Member of the U.S. House of Representatives from Minnesota's 2nd district
- In office January 3, 2017 – January 3, 2019
- Preceded by: John Kline
- Succeeded by: Angie Craig

Personal details
- Born: Jason Mark Lewis September 23, 1955 (age 70) Waterloo, Iowa, U.S.
- Party: Republican
- Spouse: Leigh Lewis
- Children: 2
- Education: University of Northern Iowa (BA) University of Colorado, Denver (MA)

= Jason Lewis (Minnesota politician) =

American politician (born 1955)

Jason Mark Lewis (born September 23, 1955) is an American politician and former conservative radio personality who served as the U.S. representative for Minnesota's 2nd congressional district from 2017 until 2019. The district included most of the southern suburbs of the Twin Cities. A member of the Republican Party, he was a radio talk show host and a conservative political commentator before serving in Congress. He hosted the nationally syndicated Jason Lewis Show, based out of KSTP (AM) in the Minneapolis–Saint Paul radio market, from 2009 to 2014.

Lewis was elected to Congress in 2016 defeating Democrat Angie Craig. He succeeded retiring Republican incumbent John Kline. He lost his bid for a second term in 2018 in a rematch against Craig. He was the Republican nominee in the 2020 U.S. Senate election in Minnesota.

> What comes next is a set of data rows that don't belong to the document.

(* Replacing the 2mn uniform points by their ranks, the sample becomes a
   uniform permutation [s] and the pairs induce a uniform perfect matching
   [partner s] of the values 1, ..., 2mn.  Write r for the integer eighth root
   of n.  If vertex i has degree at least K = r^3, the K values following
   a = W_(i-1) lie in I_i, and a >= 2m(i-1) >= 2m r^7 when i > r^7.  Only m
   values of I_i are right endpoints, so at most m values of this window are
   matched to a smaller value: at most m are matched to the left of the window
   and at most 2m inside it.  Switching a window value matched to the right
   with a left value not matched into the window shows that the matchings with
   j values matched to the left are at most (j+1) 2mn / ((K - 2m - j)(a - j))
   times as many as those with j+1.  Five switchings give a factor
   O((mn / (K a))^5) = O(r^-10), and a union bound over the O(r^8) windows
   leaves O(r^-2). *)

Definition mate (k : nat) : nat := if odd k then k.-1 else k.+1.

Lemma mateK : involutive mate.
Proof.
move=> k; rewrite /mate; case k_odd: (odd k); last by rewrite /= k_odd.
by case: k k_odd => //= k /negbTE ->.
Qed.

Lemma mate_neq k : mate k != k.
Proof. by rewrite /mate; case: ifP => [|_]; [case: k => // k _ | ]; lia. Qed.

Lemma mate_double p : mate p.*2 = p.*2.+1.
Proof. by rewrite /mate odd_double. Qed.

Lemma mate_doubleS p : mate p.*2.+1 = p.*2.
Proof. by rewrite /mate /= odd_double. Qed.

Section Matching.

Variable N : nat.
Hypothesis N_even : ~~ odd N.

Lemma mate_lt k : k < N -> mate k < N.
Proof.
rewrite /mate; case: ifP => [|k_even lt_kN]; first lia.
rewrite ltn_neqAle lt_kN andbT; apply: contraNneq N_even => <-.
by rewrite /= k_even.
Qed.

Definition ord_mate (k : 'I_N) : 'I_N := insubd k (mate k).

Lemma val_ord_mate k : val (ord_mate k) = mate k.
Proof. by rewrite val_insubd mate_lt. Qed.

Lemma ord_mateK : involutive ord_mate.
Proof. by move=> k; apply: val_inj; rewrite !val_ord_mate mateK. Qed.

(* The matching of values induced by [s]: [v] and [partner s v] are the values
   of [s] at the two positions of one pair. *)
Definition partner (s : 'S_N) (v : 'I_N) : 'I_N := s (ord_mate ((s^-1)%g v)).

Lemma partnerK s : involutive (partner s).
Proof. by move=> v; rewrite /partner permK ord_mateK permKV. Qed.

Lemma partner_inj s : injective (partner s).
Proof. exact: inv_inj (partnerK s). Qed.

Lemma partner_neq s v : partner s v != v.
Proof.
apply/eqP => /(congr1 (s^-1)%g); rewrite /partner permK => /(congr1 val).
by rewrite val_ord_mate; apply/eqP; exact: mate_neq.
Qed.

Lemma partner_tperm s u w x :
  partner (s * tperm u w) x = tperm u w (partner s (tperm u w x)).
Proof. by rewrite /partner invMg permM !permM tpermV. Qed.

End Matching.

Lemma card_setX_dep (A B : finType) (P : pred A) (Q : A -> pred B) :
  #|[set t : A * B | P t.1 && Q t.1 t.2]| = \sum_(x | P x) #|[set y | Q x y]|.
Proof.
rewrite -sum1dep_card (eq_bigr (fun x => \sum_(y | Q x y) 1)) ?pair_big_dep //.
by move=> x _; rewrite sum1dep_card.
Qed.

Lemma card_ord_interval N lo hi : #|[set x : 'I_N | lo <= x < hi]| = minn N hi - lo.
Proof.
rewrite -sum1dep_card big_mkcond /=.
elim: N => [|N IH]; first by rewrite big_ord0 min0n.
rewrite big_ord_recr /= IH; case: ifP; lia.
Qed.

Section Switching.

Variables N a K : nat.
Hypothesis N_even : ~~ odd N.

(* A value [v : 'I_N] stands for the rank [v.+1], so the window [a <= v < a + K]
   is the interval (a, a + K] of ranks. *)
Definition in_window (x : nat) : bool := a <= x < a + K.

Definition crossing (s : 'S_N) : {set 'I_N} :=
  [set x : 'I_N | in_window x && (partner s x < a)].

Definition inner (s : 'S_N) : {set 'I_N} :=
  [set x : 'I_N | in_window x && in_window (partner s x)].

Definition switch_class (c j : nat) : {set 'S_N} :=
  [set s | (#|inner s| <= c.*2) && (#|crossing s| == j)].

Definition switchable (s : 'S_N) (vu : 'I_N * 'I_N) : bool :=
  [&& in_window vu.1, a + K <= partner s vu.1, vu.2 < a
    & ~~ in_window (partner s vu.2)].

(* Swapping the values [u] and [partner s v] in [s] matches [v] with [u], and
   the old partners of [v] and [u] with each other. *)
Definition switch (s : 'S_N) (v u : 'I_N) : 'S_N := (s * tperm u (partner s v))%g.

Lemma partner_switch s v u (x : 'I_N) : switchable s (v, u) -> in_window x ->
  partner (switch s v u) x = if x == v then u else partner s x.
Proof.
case/and4P=> /= _ right_v lt_ua out_u win_x.
have ux : u != x by apply: contraTneq win_x => <-; rewrite /in_window; lia.
have wx : partner s v != x by apply: contraTneq win_x => <-; rewrite /in_window; lia.
rewrite /switch partner_tperm (tpermD ux wx); case: eqP => [->|/eqP xv].
  by rewrite tpermR.
have uw : u != partner s x by apply: contra out_u => /eqP->; rewrite (partnerK N_even).
have ww : partner s v != partner s x by rewrite (inj_eq (@partner_inj _ N_even s)) eq_sym.
by rewrite (tpermD uw ww).
Qed.

Lemma crossing_switch s v u : switchable s (v, u) ->
  crossing (switch s v u) = v |: crossing s.
Proof.
move=> sw; have /and4P[/= win_v _ lt_ua _] := sw.
apply/setP => x; rewrite !inE; case win_x: (in_window x) => /=.
  by rewrite (partner_switch sw win_x); case: eqP => // ->.
by rewrite orbF; case: eqP win_x => // ->; rewrite win_v.
Qed.

Lemma inner_switch s v u : switchable s (v, u) -> inner (switch s v u) = inner s.
Proof.
move=> sw; have /and4P[/= _ right_v lt_ua _] := sw.
apply/setP => x; rewrite !inE; case win_x: (in_window x) => //=.
rewrite (partner_switch sw win_x); case: eqP => // ->.
by rewrite /in_window; apply/idP/idP; lia.
Qed.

He was defeated by incumbent Democrat Tina Smith by a margin of 5.2 points, making it the closest Senate election in Minnesota since 2008. Some election observers attribute this close election to two pro-marijuana legalization parties taking a combined 7.69% of the vote.

==Early life and education==
Lewis was born in 1955 in Waterloo, Iowa. He earned a master's degree in political science from the University of Colorado at Denver as well as a Bachelor of Arts in education and business from the University of Northern Iowa.

==Career==

=== Radio ===
Lewis's show was syndicated nationally by the Premiere Radio Networks and the Genesis Communications Network. Before that, he broadcast locally for ten years on KSTP in the Minneapolis/St. Paul metropolitan area and then on WBT in Charlotte, North Carolina, for three years. In 2006 Lewis moved back to Minnesota to the newly established KTLK-FM.

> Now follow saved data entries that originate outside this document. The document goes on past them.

(* Let $T:\mathcal{H}\to Y$ be a linear operator from a (real or complex) Hilbert space $\mathcal{H}$ to a Banach space $Y$. If $T$ maps every orthonormal sequence of $\mathcal{H}$ onto a limited subset of $Y$, then $T$ is bounded.
   Context: A subset $A$ of a normed space $Y$ is called limited if every weak$^*$-null sequence $(f_n)$ in the dual $Y'$ converges to zero uniformly on $A$, i.e. $\sup_{a\in A}|f_n(a)|\to 0$. *)

From HB Require Import structures.
From mathcomp Require Import all_boot all_order all_algebra.
From mathcomp Require Import all_classical all_reals all_analysis.
From mathcomp Require Import complex.
Set Implicit Arguments. Unset Strict Implicit. Unset Printing Implicit Defensive.
Import Order.TTheory GRing.Theory Num.Theory.
Import numFieldNormedType.Exports.
Local Open Scope classical_set_scope.
Local Open Scope ring_scope.

Definition Cx (R : realType) : numClosedFieldType := (R[i])%C.

Section Defs.
Variables (K : numFieldType) (conj : K -> K).

Definition is_inner_product (H : normedModType K) (ip : H -> H -> K) : Prop :=
  [/\ forall (a : K) (x y z : H), ip (a *: x + y) z = a * ip x z + ip y z,
      forall x y : H, ip y x = conj (ip x y)
    & forall x : H, ip x x = `|x| ^+ 2].

(* A Hilbert space is a complete normed space (H : completeNormedModType K)
   whose norm is induced by an inner product. *)

Definition orthonormal_seq (H : normedModType K) (ip : H -> H -> K)
    (e : nat -> H) : Prop :=
  forall i j : nat, ip (e i) (e j) = (i == j)%:R.

Definition dual_elem (Y : normedModType K) (f : Y -> K) : Prop :=
  (forall (a : K) (x y : Y), f (a *: x + y) = a * f x + f y) /\ continuous f.

Definition weak_star_null (Y : normedModType K) (f : nat -> Y -> K) : Prop :=
  (forall n, dual_elem (f n)) /\ (forall y : Y, (fun n => f n y) @ \oo --> 0).

Definition limited (Y : normedModType K) (A : set Y) : Prop :=
  forall f : nat -> Y -> K, weak_star_null f ->
    forall eps : K, 0 < eps ->
      \forall n \near \oo, forall a, A a -> `|f n a| <= eps.

Definition bounded_op (H Y : normedModType K) (T : H -> Y) : Prop :=
  exists M : K, forall x : H, `|T x| <= M * `|x|.

End Defs.

(* If T is unbounded, so is its restriction to the orthogonal complement of any
   finite orthonormal family, since the finite-rank part x |-> sum <x, e_i> T e_i
   is bounded.  Hence one can choose inductively an orthonormal sequence (e_n)
   with ||T e_n|| > n + 1.  Its image is not limited: if g_n is a norming
   functional for T e_n (Hahn-Banach; in the complex case applied to the
   realification of Y and then complexified), then f_n := g_n / (n + 1) is
   weak*-null while |f_n (T e_n)| > 1. *)

From HB Require Import structures.
From mathcomp Require Import all_boot all_order all_algebra.
From mathcomp Require Import all_classical all_reals all_analysis.
From mathcomp Require Import complex ring lra.
Set Implicit Arguments. Unset Strict Implicit. Unset Printing Implicit Defensive.
Import Order.TTheory GRing.Theory Num.Theory.
Import numFieldNormedType.Exports.
Local Open Scope classical_set_scope.
Local Open Scope ring_scope.

Section HahnBanach.
Variables (R : realType) (V : lmodType R) (p : V -> R).
Hypotheses (pD : forall x y, p (x + y) <= p x + p y)
  (pZ : forall a x, p (a *: x) = `|a| * p x).

Lemma seminorm0 : p 0 = 0.
Proof. by rewrite -(scale0r 0) pZ normr0 mul0r. Qed.

Lemma seminormN x : p (- x) = p x.
Proof. by rewrite -scaleN1r pZ normrN1 mul1r. Qed.

Lemma seminorm_ge0 x : 0 <= p x.
Proof.
have := pD x (- x); rewrite subrr seminorm0 seminormN -mulr2n.
by rewrite pmulrn_lge0.
Qed.

Definition dominated_linear_graph (G : set (V * R)) :=
  [/\ forall x r r', G (x, r) -> G (x, r') -> r = r',
      forall a x r x' r', G (x, r) -> G (x', r') -> G (a *: x + x', a * r + r')
    & forall x r, G (x, r) -> r <= p x].

Lemma graph0 G x r : dominated_linear_graph G -> G (x, r) -> G (0, 0).
Proof.
by case=> _ Gl _ Gxr; have := Gl (-1) _ _ _ _ Gxr Gxr; rewrite scaleN1r mulN1r !addNr.
Qed.

Lemma graphZ G a x r : dominated_linear_graph G -> G (x, r) -> G (a *: x, a * r).
Proof.
move=> DG Gxr; rewrite -[a *: x]addr0 -[a * r]addr0.
by have [_ Gl _] := DG; apply: Gl Gxr (graph0 DG Gxr).
Qed.

Variable y0 : V.

(* Requiring (y0, p y0) only of nonempty graphs keeps set0, the union of the
   empty chain, admissible. *)
Definition admissible G := dominated_linear_graph G /\ (G !=set0 -> G (y0, p y0)).

Lemma exists_maximal_admissible :
  exists A, admissible A /\ forall B, A `<` B -> ~ admissible B.
Proof.
apply: Zorn_bigcup => F FA Ftot.
have upper X Y : F X -> F Y -> exists2 Z, F Z & X `<=` Z /\ Y `<=` Z.
  move=> FX FY; have [XY|YX] := Ftot _ _ FX FY.
  - by exists Y => //; split=> // ? ?.
  - by exists X => //; split=> // ? ?.
split; first split.
- move=> x r r' [X FX Xr] [Y FY Yr']; have [Z FZ [XZ YZ]] := upper _ _ FX FY.
  by have [[Zf _ _] _] := FA _ FZ; apply: Zf (XZ _ Xr) (YZ _ Yr').
- move=> a x r x' r' [X FX Xr] [Y FY Yr']; have [Z FZ [XZ YZ]] := upper _ _ FX FY.
  by exists Z => //; have [[_ Zl _] _] := FA _ FZ; apply: Zl (XZ _ Xr) (YZ _ Yr').
- by move=> x r [X FX Xr]; have [[_ _ Xp] _] := FA _ FX; apply: Xp.
- move=> [z [X FX Xz]]; exists X => //.
  by have [_ Xy0] := FA _ FX; apply: Xy0; exists z.
Qed.

Definition line_graph := [set (t *: y0, t * p y0) | t in [set: R]].

Lemma admissible_line_graph : admissible line_graph.
Proof.
split; last by move=> _; exists 1; rewrite ?scale1r ?mul1r.
split.
- move=> x r r' [t _ [<- <-]] [t' _ [/eqP + <-]].
  rewrite -subr_eq0 -scalerBl scaler_eq0 subr_eq0 => /orP[/eqP -> //|/eqP ->].
  by rewrite seminorm0 !mulr0.
- move=> a x r x' r' [t _ [<- <-]] [t' _ [<- <-]]; exists (a * t + t') => //.
  by rewrite scalerDl scalerA mulrDl mulrA.
- move=> x r [t _ [<- <-]]; rewrite pZ ler_wpM2r ?seminorm_ge0 ?real_ler_norm //.
  exact: num_real.
Qed.

Lemma extension_constant G v : dominated_linear_graph G -> G !=set0 ->
  exists c, forall x s, G (x, s) -> s + c <= p (x + v) /\ s - c <= p (x - v).
Proof.
move=> DG [[x0 s0] G0]; have [_ Gl Gp] := DG.
have gap x s x' s' : G (x, s) -> G (x', s') -> s' - p (x' - v) <= p (x + v) - s.
  move=> Gxs Gxs'; have := Gp _ _ (Gl 1 _ _ _ _ Gxs Gxs').
  have := pD (x + v) (x' - v); rewrite addrACA subrr addr0 scale1r mul1r.
  lra.
pose S := [set z.2 - p (z.1 - v) | z in G].
exists (sup S) => x s Gxs; split.
- rewrite -lerBrDl; apply: ge_sup; first by exists (s0 - p (x0 - v)), (x0, s0).
  by move=> _ [[x' s'] Gxs' <-]; apply: gap Gxs Gxs'.
- rewrite lerBlDr -lerBlDl; apply: ub_le_sup; last by exists (x, s).
  by exists (p (x0 + v) - s0) => _ [[x' s'] Gxs' <-]; apply: gap G0 Gxs'.
Qed.

Definition graph_ext (G : set (V * R)) (v : V) (c : R) :=
  [set w | exists x s t, G (x, s) /\ w = (x + t *: v, s + t * c)].

Lemma graph_ext_dominated G v c : dominated_linear_graph G ->
  (forall x s, G (x, s) -> s + c <= p (x + v) /\ s - c <= p (x - v)) ->
  forall x r, graph_ext G v c (x, r) -> r <= p x.
Proof.
move=> DG Gc _ _ [x [s [t [Gxs [-> ->]]]]].
have scaled u w d : 0 < u -> u^-1 * s + d <= p (u^-1 *: x + w) ->
    s + u * d <= p (x + u *: w).
  move=> u0; have u0' : u != 0 by rewrite gt_eqF.
  have -> : x + u *: w = u *: (u^-1 *: x + w).
    by rewrite scalerDr scalerA mulfV // scale1r.
  have -> : s + u * d = u * (u^-1 * s + d) by rewrite mulrDr mulrA mulfV // mul1r.
  by rewrite pZ gtr0_norm // ler_pM2l.
have [t_lt0|t_gt0|->] := ltgtP t 0.
- have := scaled (- t) (- v) (- c); rewrite oppr_gt0 mulrNN scalerN scaleNr opprK.
  by apply=> //; exact: (Gc _ _ (graphZ _ DG Gxs)).2.
- by apply: scaled => //; exact: (Gc _ _ (graphZ _ DG Gxs)).1.
- by rewrite scale0r mul0r !addr0; have [_ _ Gp] := DG; apply: Gp.
Qed.

Lemma graph_ext_dominated_linear G v c :
  dominated_linear_graph G -> ~ (exists r, G (v, r)) ->
  (forall x s, G (x, s) -> s + c <= p (x + v) /\ s - c <= p (x - v)) ->
  dominated_linear_graph (graph_ext G v c).
Proof.
move=> DG Gv Gc; have [Gf Gl _] := DG; split; last exact: graph_ext_dominated.
- move=> _ r r' [x [s [t [Gxs [-> ->]]]]] [x' [s' [t' [Gxs' [ext ->]]]]].
  have [tt'|tt'] := eqVneq t t'.
    move: ext; rewrite tt' => /addIr exx'.
    by rewrite exx' in Gxs; rewrite (Gf _ _ _ Gxs Gxs').
  have d0 : t - t' != 0 by rewrite subr_eq0.
  have dv : (t - t') *: v = x' - x.
    by rewrite scalerBl (canRL (addrK _) (esym ext)) addrAC [x + _]addrC addrK.
  case: Gv; exists ((t - t')^-1 * s' + (- (t - t')^-1) * s).
  have -> : v = (t - t')^-1 *: x' + (- (t - t')^-1) *: x.
    by rewrite scaleNr -scalerBr -dv scalerA mulVf // scale1r.
  by apply: Gl Gxs' _; apply: graphZ DG Gxs.
- move=> a _ _ _ _ [x [s [t [Gxs [-> ->]]]]] [x' [s' [t' [Gxs' [-> ->]]]]].
  exists (a *: x + x'), (a * s + s'), (a * t + t'); split; first exact: Gl.
  congr (_, _); first by rewrite scalerDr scalerA scalerDl addrACA.
  by rewrite mulrDr mulrDl mulrA addrACA.
Qed.

Lemma maximal_admissible_total A :
  admissible A -> (forall B, A `<` B -> ~ admissible B) -> forall v, exists r, A (v, r).
Proof.
move=> [DA Ay0] Amax v; apply: contrapT => Av.
have A0 : A !=set0.
  apply/set0P/eqP => A0; apply: (Amax _ _ admissible_line_graph).
  by rewrite A0; split=> // /(_ (y0, p y0)) []; exists 1; rewrite ?scale1r ?mul1r.
have [c Ac] := extension_constant v DA A0.
have AB : A `<=` graph_ext A v c.
  by move=> [x s] Axs; exists x, s, 0; rewrite scale0r mul0r !addr0.
apply: (Amax (graph_ext A v c)); split => //.
- move=> /(_ (v, c)) Bv; apply: Av; exists c; apply: Bv.
  have [[x s] Axs] := A0; exists 0, 0, 1.
  by rewrite scale1r mul1r !add0r; split=> //; apply: graph0 DA Axs.
- exact: graph_ext_dominated_linear.
- by move=> _; apply/AB/Ay0.
Qed.

Theorem hahn_banach : exists f : V -> R, [/\ scalar f, forall x, f x <= p x & f y0 = p y0].
Proof.
have [A [[DA Ay0] Amax]] := exists_maximal_admissible.
have [f Af] := choice (maximal_admissible_total (conj DA Ay0) Amax).
have [Af1 Al Ap] := DA.
exists f; split=> [a x y|x|].
- by apply: (Af1 (a *: x + y)) => //; apply: Al.
- exact: Ap.
- by apply: (Af1 y0) => //; apply: Ay0; exists (y0, f y0).
Qed.
End HahnBanach.

Definition norming_functional (K : numFieldType) (Y : normedModType K) (y : Y)
    (g : Y -> K) :=
  [/\ scalar g, forall z, `|g z| <= `|z| & `|y| <= `|g y|].

Lemma real_norming_functional (R : realType) (Y : normedModType R) (y : Y) :
  exists g, norming_functional y g.
Proof.
have [g [gl gp gy]] := hahn_banach (@ler_normD _ Y) (@normrZ _ Y) y.
have gB := zmod_morphism_linear gl.
have gN z : g (- z) = - g z by rewrite -sub0r gB -(subrr 0) gB !subrr sub0r.
exists g; split=> // [z|]; last by rewrite gy normr_id.
by rewrite ler_norml gp andbT lerNl -gN (le_trans (gp _)) ?normrN.
Qed.

Section ComplexNorming.
Local Open Scope complex_scope.
Variable R : realType.
Local Notation Re := (@complex.Re R).

Section Realification.
Variable Y : lmodType (Cx R).

Definition realified : Type := Y.
HB.instance Definition _ := GRing.Zmodule.on realified.

Definition realified_scale (r : R) (v : realified) : realified := r%:C *: (v : Y).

On February 17, 2009, episode of his show, Lewis announced that his show would be syndicated nationally, effective February 23, 2009. Since 2007 Lewis had been one of the most frequently used and most popular guest hosts of Rush Limbaugh's radio program, allowing him to reach a nationwide audience.

On August 8, 2011, The Jason Lewis Show was picked up for national syndication by the Genesis Communications Network. On the July 31, 2014, episode, Lewis announced he was leaving the show to devote more time to a website he helped co-found.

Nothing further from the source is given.